Before I could ask if she was just making stuff up, Aunt Andie snapped, “Are you fucking—?”

“I got the permits, Jane,” Ray interrupted, putting a staying palm on my aunt's shoulder. “I got the permits.” Then he cracked open the Yuengling and handed it to Mom. “Now drink up.”

We ate our sandwiches in silence, save for the crunch of Ray's chips, as the warm wind scudded across the deck and the thunderclouds grew closer, like a gathering army. We sat on opposite sides: Mom and me facing Ray and Aunt Andie, the wooden box of Grandma perched between us. As waves slapped the side of the boat, I thought how Grandma always said she'd fallen in love with the ocean when she fell in love with Ray. “How is it possible that I grew up landlocked?” she'd asked me once, and I felt a little bit bad for Pittsburgh, as if its crisscrossing rivers and endless bridges didn't even count.

“Is this what Mom wanted?” my mother suddenly asked, jerking her head toward the ashes. “That we just sit here in silence?”

“I brought a poem,” I said, holding up a book with the one by W. H. Auden about stopping all the clocks and putting away the sun—we'd read it in Mrs. Kindlings's class earlier in the year. “And we could look for the green flash,” I added. One time Thea had told me about the crack of green on the horizon when the last of the sun melts away, and I wanted to see it now, wanted it to be a sign from Grandma that she'd crossed over to the other side.

“I don't think Margot would have a problem with you girls sharing some memories,” Ray said as he swigged some beer. “Hell, I'll start. I remember the night your mom and I met down on Duval Street. She was drunk as a skunk, and she was singing karaoke, and she had an unbelievable set of pipes, even if she always picked the most melancholy songs by Carole King.”

“I'm sorry. I'm just—trying to understand something,” Mom suddenly said to Aunt Andie, who glanced up from her sandwich. “Do you have a legal background that I wasn't aware of? Did Mom pay for a couple of ‘Intro to Law' courses at your community college? Because I can't figure out why she would've made you the executor of her will.”

“Margot figured it would be easier for Andie to help me out, since you're such a busy lady.”

“What's that supposed to mean?” Mom asked, and Ray shrugged as he swigged his beer.

“Did you ever call her back?”

“Maybe we should do this another day,” Aunt Andie said, setting down her sandwich. “It's not what I imagined . . .”

“That's funny, it's not what I imagined, either,” Mom snapped. “If I had known we were—scattering
Mom,
I would've brought the boys.”

Easy, people,
Grandma would be saying right about now.
It's my funeral. Can't you all just relax?
I stopped flipping through my book of poems. Trying to read on a lurching boat was making me queasy.

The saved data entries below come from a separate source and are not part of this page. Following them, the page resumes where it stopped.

Section ZeroAncilla.
Variables (C : numClosedFieldType) (n b : nat).
Local Notation z := (zero_idx b).

Definition zero_proj : 'M[C]_(2 ^ n * 2 ^ b) := diag_mx (\row_k (sndI k == z)%:R).

Lemma zero_projK : zero_proj *m zero_proj = zero_proj.
Proof.
rewrite mulmx_diag; congr diag_mx; apply/rowP => k.
by rewrite !mxE -natrM mulnb andbb.
Qed.

Lemma adjmx_zero_proj : adjmx zero_proj = zero_proj.
Proof.
apply/matrixP => k l; rewrite !mxE rmorphMn rmorph_nat.
by case: (eqVneq k l) => [->|]; rewrite ?mulr0n // eq_sym.
Qed.

Lemma compress_zero_proj (M : 'M[C]_(2 ^ n * 2 ^ b)) :
  zero_proj *m M *m zero_proj = kron (topblock M) (delta_mx z z).
Proof.
apply/matrixP => k l; rewrite mul_diag_mx mul_mx_diag !mxE.
case: (eqVneq (sndI k) z) => [k_z | _]; last by rewrite mulr0n !mul0r mulr0.
case: (eqVneq (sndI l) z) => [l_z | _]; last by rewrite andbF mulr0n !mulr0.
have -> : pidx (fstI k) z = k by rewrite -k_z pidx_fstI_sndI.
have -> : pidx (fstI l) z = l by rewrite -l_z pidx_fstI_sndI.
by rewrite mul1r.
Qed.

Lemma topblock_kron_delta (X : 'M[C]_(2 ^ n)) : topblock (kron X (delta_mx z z)) = X.
Proof. by apply/matrixP => i j; rewrite !mxE !fstI_pidx !sndI_pidx eqxx mulr1. Qed.

Lemma topblock_compress (M : 'M[C]_(2 ^ n * 2 ^ b)) :
  topblock (zero_proj *m M *m zero_proj) = topblock M.
Proof. by rewrite compress_zero_proj topblock_kron_delta. Qed.

Lemma topblock_zero_proj : topblock zero_proj = 1%:M.
Proof. by apply/matrixP => i j; rewrite !mxE sndI_pidx pidx_inj eqxx andbT mulr1n. Qed.

Lemma topblockB (M N : 'M[C]_(2 ^ n * 2 ^ b)) :
  topblock (M - N) = topblock M - topblock N.
Proof. by apply/matrixP => i j; rewrite !mxE. Qed.

Lemma topblockZ c (M : 'M[C]_(2 ^ n * 2 ^ b)) : topblock (c *: M) = c *: topblock M.
Proof. by apply/matrixP => i j; rewrite !mxE. Qed.

End ZeroAncilla.

Section Queries.
Variables (C : numClosedFieldType) (n a : nat).

Lemma cast_pidx_zero (E : (2 ^ n * 2 ^ (a + 3) = 2 ^ n * 2 ^ a * 8)%N) (i : 'I_(2 ^ n)) :
  cast_ord E (pidx i (zero_idx (a + 3))) = pidx (pidx i (zero_idx a)) (0 : 'I_8).
Proof. by apply: val_inj; rewrite /= !addn0 expnD mulnA. Qed.
(* There exists $\varepsilon_0>0$ such that for all $\varepsilon\in(0,\varepsilon_0)$ the following holds. Let $R^*\in\{R^{(1)},R^{(2)}\}$, let $\widehat T$ be a directed tree on $\{X,Y,Z\}$ satisfying $D_{\mathrm{KL}}(R^*\,\|\,R^*_{\widehat T})\le\frac{\varepsilon}{100}$, and let $\widehat R=\arg\min_{R\in\{R^{(1)},R^{(2)}\}}D_{\mathrm{KL}}(R\,\|\,R_{\widehat T})$. Then $\widehat R=R^*$.
   Context: Let $X,N_1,N_2$ be independent $\mathcal{N}(0,1)$ variables. $R^{(1)}$ is the distribution of $(X,Y,Z)$ with $Y=(1-\sqrt\varepsilon)X+\sqrt\varepsilon N_1$ and $Z=\frac12X+\frac12N_2$; $R^{(2)}$ is the distribution of $(X,Y,Z)$ with $Y=(1-\sqrt\varepsilon)X+\sqrt\varepsilon N_1$ and $Z=\frac12Y+\frac12N_2$. A directed tree on $\{X,Y,Z\}$ is a directed graph with a root from which every other vertex is reached by exactly one directed path. For a distribution $R$ and a directed tree $T$, $R_T=\arg\min_QD_{\mathrm{KL}}(R\,\|\,Q)$ over Gaussian $Q$ whose density factorizes as $\prod_vQ(v\mid\mathrm{pa}_T(v))$. *)

From HB Require Import structures.
From mathcomp Require Import all_boot all_order all_algebra.
From mathcomp Require Import reals.
From mathcomp.analysis Require Import sequences exp trigo.
Set Implicit Arguments. Unset Strict Implicit. Unset Printing Implicit Defensive.
Import Order.TTheory GRing.Theory Num.Theory.
Local Open Scope ring_scope.

Section Defs.
Variable R : realType.

(* Coordinates: 0 = X, 1 = Y, 2 = Z. *)

Definition posdef n (S : 'M[R]_n) : Prop :=
  S^T = S /\ forall v : 'cV[R]_n, v != 0 -> 0 < (v^T *m S *m v) 0 0.

Definition gauss_density n (mu : 'cV[R]_n) (S : 'M[R]_n) (x : 'cV[R]_n) : R :=
  ((Num.sqrt (2 * pi)) ^+ n)^-1 * (Num.sqrt (\det S))^-1 *
  expR (- (2^-1) * ((x - mu)^T *m invmx S *m (x - mu)) 0 0).

Definition sub_cV (A : {set 'I_3}) (v : 'cV[R]_3) : 'cV[R]_#|A| :=
  \col_(i < #|A|) v (enum_val i) 0.
Definition sub_M (A : {set 'I_3}) (S : 'M[R]_3) : 'M[R]_#|A| :=
  \matrix_(i < #|A|, j < #|A|) S (enum_val i) (enum_val j).

(** Marginal density of the coordinates in A under N(mu, S) (the marginal of a
    Gaussian is the Gaussian with the sub-mean and sub-covariance; for A = set0
    this is the constant 1). *)
Definition marg_density (A : {set 'I_3}) (mu : 'cV[R]_3) (S : 'M[R]_3)
    (x : 'cV[R]_3) : R :=
  gauss_density (sub_cV A mu) (sub_M A S) (sub_cV A x).
(* Let $p,d\in\mathbb{N}$ and let $G$ be a finite graph such that $\mathrm{Sep}(G,p)\le d$ and $K_{p,p}$ is not a minor of $G$. Then for every $k\ge p$, $$\mathrm{Sep}(G,k)\le d+k^2+k\,2^k\max\{p,d\}.$$
   Context: Graphs are finite, simple, undirected. $\mathrm{Sep}(G,k)$ is the maximum, over all vertex sets $S$ with $|S|\le k$, of the number of connected components of $G-S$. *)

(* A finite simple graph is a symmetric irreflexive
   relation e : rel T on a finType T. *)
From mathcomp Require Import all_boot.
Set Implicit Arguments. Unset Strict Implicit. Unset Printing Implicit Defensive.

Section Graphs.
Variable T : finType.
Variable e : rel T.

Definition induced_rel (A : {set T}) : rel T :=
  fun x y => [&& x \in A, y \in A & e x y].

Definition comp_in (A : {set T}) (x : T) : {set T} :=
  [set y in A | connect (induced_rel A) x y].

Definition ncomp_del (S : {set T}) : nat :=
  #|[set comp_in (~: S) x | x in ~: S]|.

Definition Sep (k : nat) : nat :=
  \max_(S : {set T} | #|S| <= k) ncomp_del S.

Definition connected_set (A : {set T}) : Prop :=
  A != set0 /\ forall x y, x \in A -> y \in A -> connect (induced_rel A) x y.

Definition Kpq_minor (p q : nat) : Prop :=
  exists (X : 'I_p -> {set T}) (Y : 'I_q -> {set T}),
    (forall i, connected_set (X i)) /\
    (forall j, connected_set (Y j)) /\
    (forall i i', i != i' -> [disjoint X i & X i']) /\
    (forall j j', j != j' -> [disjoint Y j & Y j']) /\
    (forall i j, [disjoint X i & Y j]) /\
    (forall i j, exists x y, [&& x \in X i, y \in Y j & e x y]).
End Graphs.

From mathcomp Require Import all_boot.
Set Implicit Arguments. Unset Strict Implicit. Unset Printing Implicit Defensive.

(* We prove the stronger bound  Sep(G,k) <= 2^k * max(p,d).
   Fix S with |S| <= k and sort the components of G - S by their
   neighbourhood A = N(C) in S; there are at most 2^|S| classes, so it
   suffices to bound each class by max(p,d):
   - if |A| <= p, every component C of G - S with N(C) = A is also a
     component of G - A, so the class has at most Sep(G,p) <= d members;
   - if |A| > p and the class had p members, then p vertices of A (as
     singleton branch sets) together with those p components (each adjacent
     to every vertex of A) would form a K_{p,p} minor. *)

Lemma pick_injective (U : finType) (A : {set U}) (p : nat) :
  p <= #|A| -> exists f : 'I_p -> U, injective f /\ forall i, f i \in A.
Proof.
move=> pA; exists (fun i => enum_val (widen_ord pA i)); split.
- by move=> i j /enum_val_inj /(congr1 val) /= ij; apply: val_inj.
- by move=> i; apply: enum_valP.
Qed.

Section Components.
Variable T : finType.
Variable e : rel T.
Hypothesis e_sym : symmetric e.

Local Notation comp := (comp_in e).

Definition comps (S : {set T}) : {set {set T}} :=
  [set comp (~: S) x | x in ~: S].

Lemma induced_sym (A : {set T}) : symmetric (induced_rel e A).
Proof. by move=> x y; rewrite /induced_rel e_sym; case: (x \in A); case: (y \in A). Qed.

Lemma connect_within (r : rel T) (Y : {set T}) (x y : T) :
  subrel r e -> (forall z w, z \in Y -> r z w -> w \in Y) ->
  x \in Y -> connect r x y -> y \in Y /\ connect (induced_rel e Y) x y.
Proof.
move=> re closedY xY /connectP[q]; elim: q x xY => [|z q IH] x xY /=.
  by move=> _ ->; split.
case/andP=> rxz pq yq; have zY := closedY _ _ xY rxz.
have [yY czy] := IH z zY pq yq; split=> //.
apply: connect_trans czy; apply: connect1.
by rewrite /induced_rel xY zY (re _ _ rxz).
Qed.

Lemma connect_induced_mono (B B' : {set T}) (x y : T) : B \subset B' ->
  connect (induced_rel e B) x y -> connect (induced_rel e B') x y.
Proof.
move=> sBB'; apply: connect_sub => a b /and3P[aB bB eab]; apply: connect1.
by rewrite /induced_rel (subsetP sBB' _ aB) (subsetP sBB' _ bB).
Qed.

Lemma comp_self (B : {set T}) (x : T) : x \in B -> x \in comp B x.
Proof. by move=> xB; rewrite inE xB connect0. Qed.

Lemma comp_closed (B : {set T}) (x z w : T) :
  z \in comp B x -> induced_rel e B z w -> w \in comp B x.
Proof.
rewrite !inE => /andP[_ cxz] r; have /and3P[_ wB _] := r.
by rewrite wB (connect_trans cxz (connect1 r)).
Qed.

Lemma comp_eq (B : {set T}) (x y : T) : y \in comp B x -> comp B y = comp B x.
Proof.
rewrite inE => /andP[yB cxy]; apply/setP=> z; rewrite !inE.
have cyx : connect (induced_rel e B) y x by rewrite (sym_connect_sym (induced_sym B)).
case: (z \in B) => //=; apply/idP/idP => c.
- exact: connect_trans cxy c.
- exact: connect_trans cyx c.
Qed.

Lemma comp_connected (B : {set T}) (x : T) : x \in B -> connected_set e (comp B x).
Proof.
move=> xB; split; first by apply/set0Pn; exists x; apply: comp_self.
have from_x y : y \in comp B x -> connect (induced_rel e (comp B x)) x y.
  rewrite inE => /andP[_ cxy].
  have re : subrel (induced_rel e B) e by move=> a b /and3P[].
  by have [] := connect_within re (@comp_closed B x) (comp_self xB) cxy.
move=> y z yC zC; apply: connect_trans (from_x z zC).
by rewrite (sym_connect_sym (induced_sym _)); apply: from_x.
Qed.

Lemma comp_disjoint (B : {set T}) (x y : T) :
  comp B x != comp B y -> [disjoint comp B x & comp B y].
Proof.
move=> neq; rewrite -setI_eq0; apply/eqP/setP => z; rewrite in_setI in_set0.
apply/negbTE/negP => /andP[zx zy]; move/eqP: neq; apply.
by rewrite -(comp_eq zx) -(comp_eq zy).
Qed.

Definition nbhd (S C : {set T}) : {set T} := [set s in S | [exists y in C, e y s]].

Definition comps_with (S A : {set T}) : {set {set T}} :=
  [set C in comps S | nbhd S C == A].

Lemma ncomp_del_by_nbhd (S : {set T}) :
  ncomp_del e S = \sum_(A in powerset S) #|comps_with S A|.
Proof.
rewrite /ncomp_del -/(comps S) -sum1_card.
rewrite (partition_big (nbhd S) (fun A => A \in powerset S)); last first.
  by move=> C _; rewrite powersetE; apply/subsetP => s; rewrite inE => /andP[].
by apply: eq_bigr => A _; rewrite sum1dep_card.
Qed.

(* A component of G - S with neighbourhood inside A (A a subset of S)
   is also a component of G - A: removing S \ A does not touch it. *)
Lemma comp_shrink (S A : {set T}) (x : T) :
  A \subset S -> x \in ~: S -> nbhd S (comp (~: S) x) \subset A ->
  comp (~: S) x = comp (~: A) x.
Proof.
move=> sAS xS sNA; have sSA : ~: S \subset ~: A by rewrite setCS.
apply/setP => y; apply/idP/idP.
- rewrite inE => /andP[yS cxy].
  by rewrite inE (subsetP sSA y yS) (connect_induced_mono sSA cxy).
- rewrite inE => /andP[_ cxy].
  have re : subrel (induced_rel e (~: A)) e by move=> a b /and3P[].
  suff closedC z w : z \in comp (~: S) x -> induced_rel e (~: A) z w ->
      w \in comp (~: S) x.
    by have [] := connect_within re closedC (comp_self xS) cxy.
  move=> zC r; have /and3P[_ wA ezw] := r.
  have wS : w \notin S.
    apply/negP => wS; have : w \in nbhd S (comp (~: S) x).
      by rewrite inE wS; apply/existsP; exists z; rewrite zC.
    by move/(subsetP sNA) => wA'; rewrite inE wA' in wA.
  apply: (comp_closed zC); rewrite /induced_rel ezw !inE wS !andbT.
  by move: zC; rewrite !inE => /andP[].
Qed.

(* Small classes: for A a subset of S, the class of A injects into the
   components of G - A. *)
Lemma comps_with_small (S A : {set T}) :
  A \subset S -> #|comps_with S A| <= ncomp_del e A.
Proof.
move=> sAS; apply: subset_leq_card; apply/subsetP => C.
rewrite inE => /andP[/imsetP[x xS ->] /eqP nbC].
have xA : x \in ~: A by apply: subsetP xS; rewrite setCS.
by apply/imsetP; exists x; rewrite // (comp_shrink sAS xS) // nbC.
Qed.

(* Large classes: p vertices of A and q components all adjacent to the
   whole of A are the branch sets of a K_{p,q} minor. *)
Lemma Kpq_minor_of_class (S A : {set T}) (p q : nat) :
  A \subset S -> p <= #|A| -> q <= #|comps_with S A| -> Kpq_minor e p q.
Proof.
move=> sAS /pick_injective[a [a_inj aA]] /pick_injective[Y [Y_inj YA]].
have Ycomp j : exists2 x, x \in ~: S & Y j = comp (~: S) x.
  by have := YA j; rewrite inE => /andP[/imsetP[x xS ->] _]; exists x.
have Ynb j : nbhd S (Y j) = A by have := YA j; rewrite inE => /andP[_ /eqP].
exists (fun i => [set a i]), Y; split; [|split; [|split; [|split; [|split]]]].
- move=> i; split; first by apply/set0Pn; exists (a i); rewrite inE.
  by move=> x y; rewrite !inE => /eqP-> /eqP->; apply: connect0.
- by move=> j; have [x xS ->] := Ycomp j; apply: comp_connected.
- move=> i i' ne; rewrite disjoints1 inE.
  by apply: contra ne => /eqP /a_inj ->.
- move=> j j' ne; have [x _ Ex] := Ycomp j; have [x' _ Ex'] := Ycomp j'.
  rewrite Ex Ex'; apply: comp_disjoint; rewrite -Ex -Ex'.
  by apply: contra ne => /eqP /Y_inj ->.
- move=> i j; rewrite disjoints1; have [x _ ->] := Ycomp j.
  by rewrite !inE (subsetP sAS).
- move=> i j; have := aA i; rewrite -(Ynb j) inE => /andP[_ /existsP[y /andP[yY eya]]].
  by exists (a i), y; rewrite inE eqxx yY e_sym.
Qed.

Lemma comps_with_bound (p d : nat) (S A : {set T}) :
  Sep e p <= d -> ~ Kpq_minor e p p -> A \subset S ->
  #|comps_with S A| <= maxn p d.
Proof.
move=> Hsep Hmin sAS; case: (leqP #|A| p) => hA.
- apply: leq_trans (leq_maxr p d); apply: leq_trans Hsep.
  apply: leq_trans (comps_with_small sAS) _.
  by apply: (leq_bigmax_cond (F := ncomp_del e)).
- apply: leq_trans (leq_maxl p d); rewrite leqNgt; apply/negP => lt_p.
  exact: Hmin (Kpq_minor_of_class sAS (ltnW hA) (ltnW lt_p)).
Qed.

Lemma Sep_le_exp (p d k : nat) :
  Sep e p <= d -> ~ Kpq_minor e p p -> Sep e k <= 2 ^ k * maxn p d.
Proof.
move=> Hsep Hmin; apply/bigmax_leqP => S HS.
rewrite ncomp_del_by_nbhd; apply: (@leq_trans (2 ^ #|S| * maxn p d)).
  rewrite -card_powerset -sum_nat_const; apply: leq_sum => A.
  by rewrite powersetE; apply: comps_with_bound.
by rewrite leq_mul2r leq_pexp2l // orbT.
Qed.

End Components.

Theorem proposition4p17 (T : finType) (e : rel T)
  (e_sym : symmetric e) (e_irr : irreflexive e) (p d : nat) :
  Sep e p <= d ->
  ~ Kpq_minor e p p ->
  forall k : nat, p <= k ->
    Sep e k <= d + k ^ 2 + k * 2 ^ k * maxn p d.
Proof.
move=> Hsep Hmin k pk; apply: leq_trans (Sep_le_exp e_sym k Hsep Hmin) _.
case: k pk => [|k] pk.
  by move: pk; rewrite leqn0 => /eqP p0; rewrite p0 max0n expn0 mul1n -addnA leq_addr.
by apply: leq_trans (leq_addl _ _); rewrite -mulnA leq_pmull.
Qed.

“Margot said she wanted to be scattered in Key West, and she didn't want to wait. She's Jewish,” Ray added with a shrug. “They bury their dead right away.”

“Yeah. We
bury
our dead. In the ground.”

I wished they would stop arguing almost as much as I wished the boat would stop rocking but neither seemed like it would be happening anytime soon. The sea kept rising up, threatening to swallow us, and soon the debate about what to do with Grandma would be pretty much beside the point after we'd drowned.